▸ **THE INPUT**:

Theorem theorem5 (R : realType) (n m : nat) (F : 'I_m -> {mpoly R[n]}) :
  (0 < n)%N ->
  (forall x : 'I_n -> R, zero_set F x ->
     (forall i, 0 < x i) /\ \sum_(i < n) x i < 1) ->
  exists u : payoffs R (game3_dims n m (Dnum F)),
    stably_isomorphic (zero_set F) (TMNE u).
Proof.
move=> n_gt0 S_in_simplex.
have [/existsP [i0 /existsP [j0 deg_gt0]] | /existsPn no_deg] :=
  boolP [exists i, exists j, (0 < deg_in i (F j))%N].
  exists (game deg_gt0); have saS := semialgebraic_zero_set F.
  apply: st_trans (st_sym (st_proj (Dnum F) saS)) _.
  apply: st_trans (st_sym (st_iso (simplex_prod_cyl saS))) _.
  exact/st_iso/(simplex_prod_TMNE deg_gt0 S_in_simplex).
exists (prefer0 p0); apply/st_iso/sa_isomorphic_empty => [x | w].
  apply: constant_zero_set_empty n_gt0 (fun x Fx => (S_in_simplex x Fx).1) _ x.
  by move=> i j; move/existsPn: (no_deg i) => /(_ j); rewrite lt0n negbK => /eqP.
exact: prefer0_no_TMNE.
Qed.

▸ **ASSIGNMENT**: Set down the listing above exactly, line for line.

▸ **WRITTEN REPLY**:
Theorem theorem5 (R : realType) (n m : nat) (F : 'I_m -> {mpoly R[n]}) :
  (0 < n)%N ->
  (forall x : 'I_n -> R, zero_set F x ->
     (forall i, 0 < x i) /\ \sum_(i < n) x i < 1) ->
  exists u : payoffs R (game3_dims n m (Dnum F)),
    stably_isomorphic (zero_set F) (TMNE u).
Proof.
move=> n_gt0 S_in_simplex.
have [/existsP [i0 /existsP [j0 deg_gt0]] | /existsPn no_deg] :=
  boolP [exists i, exists j, (0 < deg_in i (F j))%N].
  exists (game deg_gt0); have saS := semialgebraic_zero_set F.
  apply: st_trans (st_sym (st_proj (Dnum F) saS)) _.
  apply: st_trans (st_sym (st_iso (simplex_prod_cyl saS))) _.
  exact/st_iso/(simplex_prod_TMNE deg_gt0 S_in_simplex).
exists (prefer0 p0); apply/st_iso/sa_isomorphic_empty => [x | w].
  apply: constant_zero_set_empty n_gt0 (fun x Fx => (S_in_simplex x Fx).1) _ x.
  by move=> i j; move/existsPn: (no_deg i) => /(_ j); rewrite lt0n negbK => /eqP.
exact: prefer0_no_TMNE.
Qed.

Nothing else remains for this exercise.